Engelberg / instaparse

Eclipse Public License 1.0
2.74k stars 149 forks source link

consider using mutable data structures to improve performance #197

Closed carocad closed 4 years ago

carocad commented 4 years ago

Rationale If a tree falls in the woods, does it make a sound? If a pure function mutates some local data in order to produce an immutable return value, is that ok?

I am the author of parcera a Clojure parser which uses Instaparse as its parsing engine. I have rejected the idea of using things like antlr or other parser generators simply because Instaparse is too good in comparison.

I have shared my parser with everyone with the hopes of making it useful and quickly found out that its performance is around 100 times slower than the other options 😞 . I have followed your performance notes and taken care that my grammar definition doesnt contain any ambiguities by using generative testing. Even so, I still cannot match or at least get close to the performance of those other tools. I know that Clojure is not expected to be as fast as other languages, yet I would like my parser to be as fast as possible as long as no ambiguities are inside it.

I have checked the gll.cljc file and saw that the trampoline data structure actually uses several atoms and persistent data structures. I think that it should be possible to get a big performance boost by swapping those by mutable data structures; hence the quote above from the docs of Clojure on transients.

Is this something that you would be interested in ?

Engelberg commented 4 years ago

Sorry to hear it hasn't been performant enough for your needs.

I'd certainly be supportive of exploring the question of whether mutable data structures would make a significant improvement in performance, but now that instaparse supports both Clojure and Clojurescript, it would be hard to merge in changes involving mutable data structures that aren't cross-platform. So it would have to be a very significant performance difference to warrant merging in something that's different on the two platforms and would make it harder to maintain the project in the future.

I think it's quite likely that a lot of the performance difference is due to the more flexible algorithm rather than the mutability of the data structures, but I don't have any evidence to back this theory up. My long-term vision for instaparse would be to support multiple parsing algorithms working on the same basic grammar descriptions.
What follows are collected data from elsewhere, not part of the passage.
(* Let $\mathbf{B}$ be a binomial ring and $n\ge0$. The Ariadne functor $A_n\colon\mathfrak{Laby}\to\mathfrak{MSet}_n$ factors through the quotient category $\mathfrak{Laby}_n$, producing a functor $A_n\colon\mathfrak{Laby}_n\to\mathfrak{MSet}_n$.
   Context: Binomial ring: commutative unital, torsion-free as an abelian group, with $\binom ak=a(a-1)\cdots(a-k+1)/k!\in\mathbf{B}$ for all $a\in\mathbf{B}$, $k\ge0$. Multi-sets, multations, $\mathfrak{MSet}_n$: a multi-set is a finite set with positive integer multiplicities, $|A|$ the sum of multiplicities. A multation $\mu\colon A\to B$ ($|A|=|B|=n$) is a multi-set of pairs with first-coordinate multi-set $A$ and second-coordinate multi-set $B$. $\mathfrak{MSet}_n$ has objects formal direct sums of multi-sets of cardinality $n$, morphisms the free $\mathbf{B}$-modules on multations, composition $\mu\circ\nu=\sum_K\frac{\prod_{(a,c)}m_{K_{13}}(a,c)!}{\prod m_K(a,b,c)!}K_{13}$ over multi-sets of triples $K$ with $(1,2)$-projection $\nu$ and $(2,3)$-projection $\mu$. $\prod_j[a_j;b_j]^{[m_j]}$ (distinct pairs) is the multation with $(a_j,b_j)$ of multiplicity $m_j$, with $[a;b]^{[i]}[a;b]^{[j]}=\binom{i+j}i[a;b]^{[i+j]}$. Mazes, $\mathfrak{Laby}$: a passage $p\colon x\to y$ carries label $\overline p\in\mathbf{B}$; a maze $P\colon X\to Y$ between finite sets is a finite multi-set of passages with every element of $X$ a source and of $Y$ a target; $|P|$ is its number of passages with multiplicity. $\mathfrak{Laby}$: objects formal finite direct sums of finite sets; morphisms generated by mazes modulo $P\cup\{x\xrightarrow0y\}=0$ and $P\cup\{x\xrightarrow{a+b}y\}=P\cup\{x\xrightarrow ay\}+P\cup\{x\xrightarrow by\}+P\cup\{x\xrightarrow ay,x\xrightarrow by\}$; composition $P\circ Q=\sum_{U\sqsubseteq P\boxtimes Q}U$ ($U$ a sub-multi-set of composable pairs using every passage occurrence of $P$ and $Q$, read as the maze with passages $x\xrightarrow{\overline p\overline q}z$). $\mathfrak{Laby}_n$ is the quotient of $\mathfrak{Laby}$ by (III) $P=0$ whenever $|P|>n$ and (IV) $P=\sum_d\prod_p\binom{\overline p}{d_p}I_d$, $d$ ranging over assignments of integers $d_p\ge1$ to the passage occurrences $p$ of $P$, $I_d$ the maze with $d_p$ passages from the source to the target of $p$ labelled $1$. Ariadne functor: $A_n(X)=\bigoplus_AA$ over multi-sets $A$ with support exactly $X$ and $|A|=n$; for a maze $P$ with passage occurrences $p\colon x_p\to y_p$, $A_n(P)=\sum_d\prod_p\overline p^{\,d_p}[x_p;y_p]^{[d_p]}$ over $d_p\ge1$ with $\sum d_p=n$. *)

From HB Require Import structures.
From mathcomp Require Import all_boot all_order all_algebra.
Set Implicit Arguments. Unset Strict Implicit. Unset Printing Implicit Defensive.
Import Order.TTheory GRing.Theory.
Local Open Scope ring_scope.

Definition torsion_free (R : comPzRingType) : Prop :=
  forall (x : R) (k : nat), x *+ k.+1 = 0 -> x = 0.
So, if you happen to have an LL grammar, you can run the algorithm that is fastest for LL grammars, etc. The current GLL algorithm would be the fallback when you don't have a grammar that neatly falls into one of those categories.

That's the vision, but realistically I don't have any idea when I'll have the chance to pursue this.

carocad commented 4 years ago

I think it's quite likely that a lot of the performance difference is due to the more flexible algorithm rather than the mutability of the data structures, but I don't have any evidence to back this theory up.

I actually gave this a try until some days ago. I was using only Java data structures to see how much of an improvement could I get and at the end found out exactly what you described above. The mutable data structures do give a performance improvement but not by much 15 to 20% on my quick benchmarks. I didnt do anything on Javascript since this was just an experiment so I would expect less of a gain there :/

So, if you happen to have an LL grammar, you can run the algorithm that is fastest for LL grammars, etc.

For the time being I am exploring antlr since the big part of creating a grammar was already done with Instaparse :) . If things go well I might consider creating a "translator" between instaparse and antlr for grammars that are non-ambigous. We will see where this experiments lead πŸ˜